At the age of nine, Makenna McLean knew her life goal was to become a forensic scientist. Now, as a top criminalistics student, she's not only one step closer to her dream, but also a research project that's opening up new possibilities for identifying victims in disasters around the world.
McLean's research began with a request from Forensics Guardian International (FGI), a forensic identification company. Led by SFU alumna Megan Basnand, FGI had already been researching body marking and identification technology, but needed more data to expand its scope, so they turned to the SFU Center for Forensic Research (CFR) for assistance.
At the time, identifying victims in disasters often relied on manual methods like paper tags and handwritten records. These methods were prone to damage, error, or loss, potentially preventing families from identifying victims and preventing them from receiving a proper burial. While RFID technology is powerful, it had never been thoroughly tested in the harsh environment of decomposition. This sparked McLean's research project, which focused on exploring the survival and reliability of RFID tags in these harsh decomposition environments.

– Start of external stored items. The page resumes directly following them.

(* Let $n\ge0$ and let $\mathcal V$ be a variety with $n+2$ Gumm terms. (i) For every $q\ge1$, $\mathcal V$ is $(2^q+1,\,(2^{q+1}-2)n+2)$-modular. (ii) For every $q\ge2$, $\mathcal V$ is $(2^q-1,\,(2^{q+1}-2q-2)n+2)$-modular.
   Context: $\circ$ is relational composition, juxtaposition is intersection. For relations $X,Y$ and $m\ge1$, $X\circ_m Y$ denotes $X\circ Y\circ X\circ\cdots$ with $m$ factors. For $m\ge3$, a variety is $(m,k)$-modular if each of its algebras satisfies $\alpha(\beta\circ_m\alpha\gamma)\subseteq\alpha\beta\circ_k\alpha\gamma$ for all congruences $\alpha,\beta,\gamma$. A variety has $n+2$ Gumm terms if it has ternary terms $p,j_1,\dots,j_{n+1}$ satisfying: $x=j_i(x,y,x)$ for all $i$; $x=p(x,z,z)$; $p(x,x,z)=j_1(x,x,z)$; $j_i(x,z,z)=j_{i+1}(x,z,z)$ for odd $i\le n$; $j_i(x,x,z)=j_{i+1}(x,x,z)$ for even $i\le n$; $j_{n+1}(x,y,z)=z$. *)

From mathcomp Require Import all_boot.
Set Implicit Arguments. Unset Strict Implicit. Unset Printing Implicit Defensive.

Record signature := Signature { op_sym : Type; arity : op_sym -> nat }.

Record algebra (S : signature) := Algebra {
  carrier :> Type;
  interp : forall f : op_sym S, ('I_(arity f) -> carrier) -> carrier }.

Inductive term (S : signature) (X : Type) : Type :=
| Var : X -> term S X
| App : forall f : op_sym S, ('I_(arity f) -> term S X) -> term S X.

Fixpoint eval (S : signature) (X : Type) (A : algebra S) (e : X -> A)
  (t : term S X) : A :=
  match t with
  | Var x => e x
  | App f ts => @interp S A f (fun i => eval e (ts i))
  end.

(* A variety = the class of all models of a set E of identities
   (Birkhoff: equivalently, an HSP-closed class). Identities use
   variables from nat. *)
Definition in_variety (S : signature) (E : term S nat -> term S nat -> Prop)
  (A : algebra S) : Prop :=
  forall s t, E s t -> forall e : nat -> A, eval e s = eval e t.

Definition rel_comp (T : Type) (X Y : T -> T -> Prop) : T -> T -> Prop :=
  fun a c => exists b, X a b /\ Y b c.
Definition rel_meet (T : Type) (X Y : T -> T -> Prop) : T -> T -> Prop :=
  fun a b => X a b /\ Y a b.
Definition rel_sub (T : Type) (X Y : T -> T -> Prop) : Prop :=
  forall a b, X a b -> Y a b.

Fixpoint circ_m (T : Type) (m : nat) (X Y : T -> T -> Prop) : T -> T -> Prop :=
  match m with
  | 0 => fun a b => a = b
  | 1 => X
  | m'.+1 => rel_comp X (circ_m m' Y X)
  end.

Definition is_congruence (S : signature) (A : algebra S) (R : A -> A -> Prop) : Prop :=
  [/\ (forall a, R a a), (forall a b, R a b -> R b a),
      (forall a b c, R a b -> R b c -> R a c) &
      (forall (f : op_sym S) (a b : 'I_(arity f) -> A),
          (forall i, R (a i) (b i)) -> R (@interp S A f a) (@interp S A f b))].

Definition modular (S : signature) (E : term S nat -> term S nat -> Prop)
  (m k : nat) : Prop :=
  forall A : algebra S, in_variety E A ->
  forall alpha beta gamma : A -> A -> Prop,
    is_congruence alpha -> is_congruence beta -> is_congruence gamma ->
    rel_sub (rel_meet alpha (circ_m m beta (rel_meet alpha gamma)))
            (circ_m k (rel_meet alpha beta) (rel_meet alpha gamma)).

Definition ev3 (S : signature) (A : algebra S) (t : term S 'I_3) (x y z : A) : A :=
  eval (fun i : 'I_3 => match val i with 0 => x | 1 => y | _ => z end) t.

Definition has_gumm_terms (S : signature) (E : term S nat -> term S nat -> Prop)
  (n : nat) : Prop :=
  exists (p : term S 'I_3) (j : nat -> term S 'I_3),
  forall A : algebra S, in_variety E A ->
  (forall i, 1 <= i <= n.+1 -> forall x y : A, ev3 (j i) x y x = x) /\
      (forall x z : A, ev3 p x z z = x) /\
      (forall x z : A, ev3 p x x z = ev3 (j 1) x x z) /\
      (forall i, 1 <= i <= n -> odd i -> forall x z : A,
          ev3 (j i) x z z = ev3 (j i.+1) x z z) /\
      (forall i, 1 <= i <= n -> ~~ odd i -> forall x z : A,
          ev3 (j i) x x z = ev3 (j i.+1) x x z) /\
      (forall x y z : A, ev3 (j n.+1) x y z = z).

(* Let (a, c) be in alpha and joined by a beta/(alpha gamma)-path e of odd length m.
   Applying j_i(a, -, c) to e gives (alpha beta)/(alpha gamma)-paths from j_i(a,a,c)
   to j_i(a,c,c), all inside the alpha-class of a, and the Gumm identities glue them
   into one path of length n(m-1)+1 from p(a,a,c) to c.  To get from a to p(a,a,c),
   fold e at its middle (alpha gamma)-step (e_h, e_(h+1)): the elements
   p(a, e_(h-s), e_(h+1+s)) form a beta/(alpha gamma)-path of length h from a point
   (alpha gamma)-related to a to p(a,a,c), which (h,k)-modularity shortens to
   length k.  So (h,k)-modularity gives (m, k+n(m-1))-modularity for odd h < m <= 2h+1;
   starting from (1,2) and taking m = 2h-1, resp. m = 2h+1, yields both families. *)

From mathcomp Require Import all_boot zify.
Set Implicit Arguments. Unset Strict Implicit. Unset Printing Implicit Defensive.

Section AlternatingPaths.
Variable T : Type.
Implicit Types (X Y : T -> T -> Prop) (a b c : T).

Definition alt X Y (i : nat) := if odd i then Y else X.

Definition alt_path X Y k a b := exists e : nat -> T,
  [/\ e 0 = a, e k = b & forall i, i < k -> alt X Y i (e i) (e i.+1)].

Lemma altS X Y i : alt X Y i.+1 = alt Y X i.
Proof. by rewrite /alt /=; case: (odd i). Qed.

Lemma alt_addn X Y k i : alt (alt X Y k) (alt Y X k) i = alt X Y (k + i).
Proof. by rewrite /alt oddD; case: (odd k); case: (odd i). Qed.

Lemma circ_mP k X Y a b : circ_m k X Y a b <-> alt_path X Y k a b.
Proof.
elim: k X Y a b => [|k IHk] X Y a b.
  split=> [-> | [e [<- <- _]]] //; by exists (fun=> b).
have -> : circ_m k.+1 X Y a b <-> rel_comp X (circ_m k Y X) a b.
  case: k {IHk} => [|k] //=; split=> [Xab | [b' [Xab <-]]] //; by exists b.
split=> [[b' [Xab /IHk [e [e0 ek He]]]] | [e [e0 ek He]]].
  exists (fun i => if i is i'.+1 then e i' else a); split=> // -[|i] Hi /=.
    by rewrite /alt /= e0.
  by rewrite altS; apply: He.
exists (e 1); split; first by rewrite -e0; apply: (He 0).
by apply/IHk; exists (fun i => e i.+1); split=> // i Hi; rewrite -altS; apply: He.
Qed.

Lemma alt_path1 X Y a b : alt_path X Y 1 a b <-> X a b.
Proof.
split=> [[e [<- <- He]] | Xab]; first exact: (He 0).
by exists (fun i => if i is 0 then a else b); split=> // -[].
Qed.

Lemma alt_path_rev X Y k a b :
  (forall x y, X x y -> X y x) -> (forall x y, Y x y -> Y y x) ->
  alt_path X Y k a b -> alt_path (alt Y X k) (alt X Y k) k b a.
Proof.
move=> symX symY [e [e0 ek He]].
exists (fun i => e (k - i)); split; rewrite ?subn0 ?subnn // => i ltik.
have := He (k - i.+1) ltac:(lia); rewrite (_ : (k - i.+1).+1 = k - i); last lia.
have -> : alt (alt Y X k) (alt X Y k) i = alt X Y (k - i.+1).
  by rewrite /alt oddB //=; case: (odd i); case: (odd k).
by rewrite /alt; case: (odd _); [apply: symY | apply: symX].
Qed.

To find the answer, McLean spent three years planning and conducting an experiment. Given the similarities between pig carcasses and human bodies, she chose to conduct the experiment in a wooded area in Maple Ridge, British Columbia. She used nine different commercial RFID tags, attached to the pig carcasses in various ways. Some were buried underground, while others were placed in cages above ground to protect them from scavengers. The experiment lasted 17 weeks, with McLean visiting the site weekly to document the decomposition process, focusing on whether the tag chips were damaged, whether they could be scanned, whether the text on the surface was legible, and whether they were detaching. The experiment faced challenges due to the unpredictable decomposition process. High temperatures, decomposition fluids, environmental factors, and insect activity could all damage the tags.
Ultimately, the results exceeded expectations. RFID pet tags, originally designed for implantation in living animals, did not remain intact as McLean and her mentor had envisioned. During decomposition, scavenging insects disturbed the tags, resulting in many being lost. However, by adjusting the tag attachment method, most of the tags remained functional in practice. Based on this discovery, FGI plans to further validate the findings and explore cost-effective implementation methods. Basnand believes this represents a novel application of RFID technology in the field, with great potential for managing supplies in conflict and emergency situations.
This research experience has profoundly transformed McLean. The project has given her significant confidence and even given her the opportunity to present at a CFR symposium. The research project was supported by a Pathology/Biology Research Grant from the American Society of Forensic Science and the Shanghai University of Finance and Economics Graduate Research Award Program (VPR-USRA). McLean is particularly grateful to Dr. Gail Anderson, Dr. Danielle Murdoch, the American Society of Forensic Science, San Francisco State University, the British Columbia Institute for Information Technology, and the volunteers who accompanied her on her fieldwork.